** Assignment **
Among the records that follow, find the line with "Lemma addmodC a b : a ⊕ b ≡ b ⊕ a." and the line with "Proof. by have". Set down those lines and all lines between them exactly, without adding anything.

[Material to process Boundary: Start]

Lemma bnat_mulB k l (g : B) :
  l <= k -> bnat_mul k g ⊕ ⊖ bnat_mul l g = bnat_mul (k - l) g.
Proof. by move=> lk; rewrite -{1}(subnK lk) bnat_mulD addKr. Qed.

End BraceArithmetic.

Section Congruence.
Variables (B : skew_brace) (I : B -> Prop).
Hypothesis I_ideal : ideal I.
Implicit Types a b s x y z : B.

Lemma ideal0 : I (bzero B).
Proof. by case: I_ideal => _ []. Qed.
Lemma idealB x y : I x -> I y -> I (x ⊕ ⊖y).
Proof. by case: I_ideal => _ [_ [h _]]; apply: h. Qed.
Lemma ideal_conj s x : I x -> I (s ⊕ x ⊕ ⊖s).
Proof. by case: I_ideal => _ [_ [_ [_ [h _]]]]; apply: h. Qed.
Lemma ideal_mconj s x : I x -> I (s ⊙ x ⊙ binv s).
Proof. by case: I_ideal => _ [_ [_ [_ [_ [h _]]]]]; apply: h. Qed.
Lemma ideal_lambda s x : I x -> I (blambda s x).
Proof. by case: I_ideal => _ [_ [_ [_ [_ [_ h]]]]]; apply: h. Qed.

Lemma idealN x : I x -> I (⊖x).
Proof. by move=> h; have := idealB ideal0 h; rewrite badd0l. Qed.
Lemma idealD x y : I x -> I y -> I (x ⊕ y).
Proof. by move=> hx hy; have := idealB hx (idealN hy); rewrite oppK. Qed.

Definition eqmod x y := I (x ⊕ ⊖y).
Local Notation "x ≡ y" := (eqmod x y) (at level 70).

Lemma eqmod_refl x : x ≡ x.
Proof. by rewrite /eqmod baddNr; apply: ideal0. Qed.
Lemma eqmod_sym x y : x ≡ y -> y ≡ x.
Proof. by rewrite /eqmod => h; have := idealN h; rewrite oppD oppK. Qed.
Lemma eqmod_trans x y z : x ≡ y -> y ≡ z -> x ≡ z.
Proof. by rewrite /eqmod => h1 h2; have := idealD h1 h2; rewrite baddA addNKr. Qed.

(* Normality of I in (B,+): left and right cosets agree. *)
Lemma eqmodE x y : x ≡ y <-> I (⊖y ⊕ x).
Proof.
rewrite /eqmod; split=> h.
- by have := ideal_conj (⊖y) h; rewrite oppK baddA addNKr.
- by have := ideal_conj y h; rewrite addNKl.
Qed.

Lemma eqmod0 x : I x <-> x ≡ bzero B.
Proof. by rewrite /eqmod opp0 badd0r. Qed.
Lemma eqmod_ideal x y : I x -> y ≡ x -> I y.
Proof. by rewrite /eqmod => hx h; have := idealD h hx; rewrite addNKr. Qed.

Lemma addmod x x' y y' : x ≡ x' -> y ≡ y' -> x ⊕ y ≡ x' ⊕ y'.
Proof.
rewrite /eqmod => hx hy.
by have := idealD (ideal_conj x hy) hx; rewrite oppD !baddA addNKr.
Qed.

Lemma oppmod x x' : x ≡ x' -> ⊖x ≡ ⊖x'.
Proof. by move=> h; apply/eqmodE; rewrite oppK; apply: eqmod_sym. Qed.

(* Left compatibility uses x ⊙ y = x ⊙ y' + λ_x(-y' + y). *)
Lemma mulmodl x y y' : y ≡ y' -> x ⊙ y ≡ x ⊙ y'.
Proof.
move/eqmodE=> h; apply/eqmodE.
have -> : x ⊙ y = x ⊙ y' ⊕ blambda x (⊖y' ⊕ y).
  by rewrite /blambda baddA -brace_law addNKl.
by rewrite addKl; apply: ideal_lambda.
Qed.

(* Right compatibility: x'⁻¹x lies in I, and so does its y-conjugate. *)
Lemma mulmodr x x' y : x ≡ x' -> x ⊙ y ≡ x' ⊙ y.
Proof.
move=> h.
have quot_in_I : I (binv x' ⊙ x).
  have : I (blambda x' (binv x' ⊙ x)).
    by rewrite /blambda bmulA bmulVr bmul1l; apply/eqmodE.
  by move/(ideal_lambda (binv x')); rewrite lambdaK.
have conj_in_I := ideal_mconj (binv y) quot_in_I.
rewrite invK in conj_in_I.
have -> : x ⊙ y = x' ⊙ y ⊙ (binv y ⊙ (binv x' ⊙ x) ⊙ y).
  by rewrite !bmulA mulKr bmulVr bmul1l.
have conj_one : binv y ⊙ (binv x' ⊙ x) ⊙ y ≡ bone B.
  by rewrite one_zero -eqmod0.
by apply: eqmod_trans (mulmodl (x' ⊙ y) conj_one) _; rewrite bmul1r; apply: eqmod_refl.
Qed.

Lemma mulmod x x' y y' : x ≡ x' -> y ≡ y' -> x ⊙ y ≡ x' ⊙ y'.
Proof. by move=> hx hy; apply: eqmod_trans (mulmodr y hx) (mulmodl x' hy). Qed.

Lemma invmod x x' : x ≡ x' -> binv x ≡ binv x'.
Proof.
move=> h.
have e : binv x ⊙ x' ⊙ binv x' ≡ binv x ⊙ x ⊙ binv x'.
  by apply/mulmodr/mulmodl/eqmod_sym.
by rewrite mulKr bmulVl bmul1l in e.
Qed.

Lemma maximal_ideal_top J g : maximal_ideal I ->
  ideal J -> (forall x, I x -> J x) -> ~ J g -> forall x, J x -> I x.
Proof. by case=> _ _ hmax hJ hIJ hg; apply: hmax => //; exists g. Qed.

Section AbelianQuotient.
Hypothesis I_abelian : abelian_quot (fun _ => True) I.

Lemma addmodC a b : a ⊕ b ≡ b ⊕ a.
Proof.
have [h _ _] := @I_abelian (⊖a) (⊖b) Logic.I Logic.I.
by rewrite !oppK in h; rewrite /eqmod oppD !baddA.
Qed.
Lemma mul_addmod a b : a ⊙ b ≡ a ⊕ b.
Proof. by have [_ _ h] := @I_abelian a b Logic.I Logic.I. Qed.
Lemma inv_oppmod a : binv a ≡ ⊖a.
Proof.
have e := addmod (eqmod_refl (⊖a)) (eqmod_sym (mul_addmod a (binv a))).
by rewrite addKl bmulVr one_zero badd0r in e.
Qed.

(* The additive subgroup of B/I generated by h, pulled back to B. *)
Definition span h x := exists k l, x ≡ bnat_mul k h ⊕ ⊖ bnat_mul l h.

Lemma span_eqmod h x y : span h x -> y ≡ x -> span h y.
Proof. by move=> [k [l e]] e'; exists k, l; apply: eqmod_trans e' e. Qed.

Lemma span_ideal_elt h x : I x -> span h x.
Proof. by move=> hx; exists 0, 0; rewrite /= opp0 badd0r; rewrite -eqmod0. Qed.

Lemma span_self h : span h h.
Proof. by exists 1, 0; rewrite /= badd0l opp0 badd0r; apply: eqmod_refl. Qed.

Lemma spanB h x y : span h x -> span h y -> span h (x ⊕ ⊖y).
Proof.
move=> [k [l ex]] [k' [l' ey]]; exists (k + l'), (l + k').
apply: eqmod_trans (addmod ex (oppmod ey)) _.
rewrite oppD oppK !bnat_mulD oppD -baddA.
apply: eqmod_trans (addmod (eqmod_refl _) (addmodC _ _)) _.
by rewrite !baddA; apply: eqmod_refl.
Qed.

(* In an abelian quotient every additive subgroup is an ideal. *)
Lemma span_ideal h : ideal (span h).
Proof.
do 6?split=> //; first by apply: span_ideal_elt; apply: ideal0.
- exact: spanB.
- move=> x y hx hy; apply: span_eqmod (spanB hx hy) _.
  exact: eqmod_trans (mul_addmod _ _) (addmod (eqmod_refl _) (inv_oppmod _)).
- move=> s x _ hx; apply: span_eqmod hx _.
  by apply: eqmod_trans (addmod (addmodC s x) (eqmod_refl _)) _; rewrite addKr; apply: eqmod_refl.
- move=> s x _ hx; apply: span_eqmod hx _.
  apply: eqmod_trans (mul_addmod _ _) _.
  apply: eqmod_trans (addmod (mul_addmod s x) (inv_oppmod s)) _.
  by apply: eqmod_trans (addmod (addmodC s x) (eqmod_refl _)) _; rewrite addKr; apply: eqmod_refl.
- move=> s x _ hx; apply: span_eqmod hx _.
  apply: eqmod_trans (addmod (eqmod_refl _) (mul_addmod s x)) _.
  by rewrite addKl; apply: eqmod_refl.
Qed.

Section Generator.
Hypothesis I_maximal : maximal_ideal I.
Variable g : B.
Hypothesis g_notin_I : ~ I g.

(* By maximality, g and I span B. *)
Lemma span_full b : span g b.
Proof.
apply: NNPP => hb.
apply: g_notin_I; apply: (maximal_ideal_top I_maximal (span_ideal g) (@span_ideal_elt g) hb).
exact: span_self.
Qed.

Lemma eqmod_mult_diff k l :
  l <= k -> bnat_mul k g ≡ bnat_mul l g -> I (bnat_mul (k - l) g).
Proof. by move=> lk; rewrite /eqmod bnat_mulB. Qed.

[Material to process Boundary: End]

** Solution for this task **
Lemma addmodC a b : a ⊕ b ≡ b ⊕ a.
Proof.
have [h _ _] := @I_abelian (⊖a) (⊖b) Logic.I Logic.I.
by rewrite !oppK in h; rewrite /eqmod oppD !baddA.
Qed.
Lemma mul_addmod a b : a ⊙ b ≡ a ⊕ b.
Proof. by have [_ _ h] := @I_abelian a b Logic.I Logic.I. Qed.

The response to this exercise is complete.